But, the person I recommend is YOU....
The information is there for the taking, and if you have the time to spend for someone to "teach" you, you certainly have the time to "learn"...


Quote:
Originally Posted by Alecadi View Post
I'm in the Miami region, based at DKM until June and will move to marathon in June
We intend to cruise the Bahamas next winter.
I have an SSB Icom 710 and a Practor modem recently installed
I have used it to listen to some channel so far but nothing more
I'll be glad to have somebody guiding me and teaching me how to use the SSB and modem.
Can you recommend somebody?
Thanks
Alec


I can certainly get you started here.....and you can use the links I provide for more info....and ask further questions here (or on other sites / e-mail / etc.) as needed....

I do hope this helps....


Alec,
You asked for help, and I'll offer some here, but be advised that there is NO way that anyone can write here all that may be necessary.....

And, not knowing exactly what your level of expertise is, regarding HF
communications, makes exact recommendations difficult.....

But, here are a few general thoughts:


First off, please look into getting your ham license......
You'll find the knowledge gained in the process to be invaluable, even if you don't turn into a radio nut like myself...
http://www.arrl.org/
http://www.arrl.org/licensing-education-training




1) Before you start, you must understand how much RFI / Noise (Radio Frequency Interference / Radio Noise) there is in our modern environment these days.....(both on-board our boats and on-shore)
This makes it especially difficult to use HF-SSB radios when you're in (or near) a marina!!!!

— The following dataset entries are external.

Lemma hdecomp_uniq a s n t m : hdecomp a s n -> hdecomp a t m -> s =1 t.
Proof.
case=> degs s0 ->{a} [degt t0 /eqP]; set N := maxn n m.
rewrite -(big_ord_zero_tail s0 (leq_maxl n m)) -(big_ord_zero_tail t0 (leq_maxr n m)).
rewrite -subr_eq0 -sumrB => /eqP st0 i.
case: (ltnP i N) => [iN|]; last by rewrite geq_max => /andP[/s0-> /t0->].
case: gradA => _ _ _ /(_ N (fun j : 'I_N => s j - t j)) dsum _.
by apply/eqP; rewrite -subr_eq0; apply/eqP/(dsum _ st0 (Ordinal iN)) => j; apply: degB.
Qed.

Definition hcomp i a := proj1_sig (constructive_indefinite_description _ (hdecomp_exists a)) i.

Lemma hcompP a : exists n, hdecomp a (hcomp^~ a) n.
Proof. by rewrite /hcomp; case: constructive_indefinite_description. Qed.

Lemma hcomp_uniq a s n : hdecomp a s n -> forall i, hcomp i a = s i.
Proof. by case: (hcompP a) => m /hdecomp_uniq; apply. Qed.

Lemma hcomp_deg i a : deg i (hcomp i a).
Proof. by case: (hcompP a) => n []. Qed.

Lemma hcompL i : linear (hcomp i).
Proof.
move=> c a b; case: (hcompP a) => n [da a0 ea]; case: (hcompP b) => m [db b0 eb].
pose s j := c *: hcomp j a + hcomp j b.
apply: (@hcomp_uniq _ s (maxn n m)) => {i}; split.
- by move=> i; apply: degL.
- by move=> i; rewrite /s geq_max => /andP[/a0-> /b0->]; rewrite scaler0 addr0.
rewrite big_split /= -scaler_sumr (big_ord_zero_tail a0 (leq_maxl n m)).
by rewrite (big_ord_zero_tail b0 (leq_maxr n m)) -ea -eb.
Qed.

HB.instance Definition _ i := GRing.isLinear.Build k A A *:%R (hcomp i) (@hcompL i).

The amount of RFI can be so bad that you'll not be able to hear anything but the strongest signals....
The plethora of inverters, battery chargers, cell-phone-chargers, refrigeration units, computers, plasma screen tv's, stereos/sound systems, digital clocks/voltmeters/etc, touch-lights, photo-sensor lights, digital security cameras, intercoms, bilge pumps, air cond, fans, vacuums, radars, other radios, scanners, bugler alarms, welders, drills, saws, misc machinery, etc. etc. all contribute to what can be high received RFI, thereby keeping you from hearing all but the strongest signals....even regular old power lines and street lights, etc....
SO, if you are new to HF communications you really need to get away from the marinas (and stay 1/2 to 1 mile, or more, away from densely populated and/or industrial areas), when trying to do some serious operating.....


{FYI, I operate from the dock quite a lot, and while I've had pretty good luck, occassionaly I do get significant received RFI from nearby sources....and I just live with it....but I know what it is, and work around it, those without the experience might just say "I can't hear anything....SSB doesn't really work....why did I waste my money on all this stuff...." so getting away from the dock, and anchoring out, is what I recommend.....}


BTW, you'll see that many of the items I mentioned above which can cause RFI / Noise in your HF-SSB receiver, are on most of our boats!!!!
So, knowing what causes interference and what doesn't on YOUR OWN BOAT is very important....
You'll also notice many posts on sailing websites from new HF radio users who have interference problems on-board...so gaining that knowledge now, before you head out on a long passage, is a good idea!!!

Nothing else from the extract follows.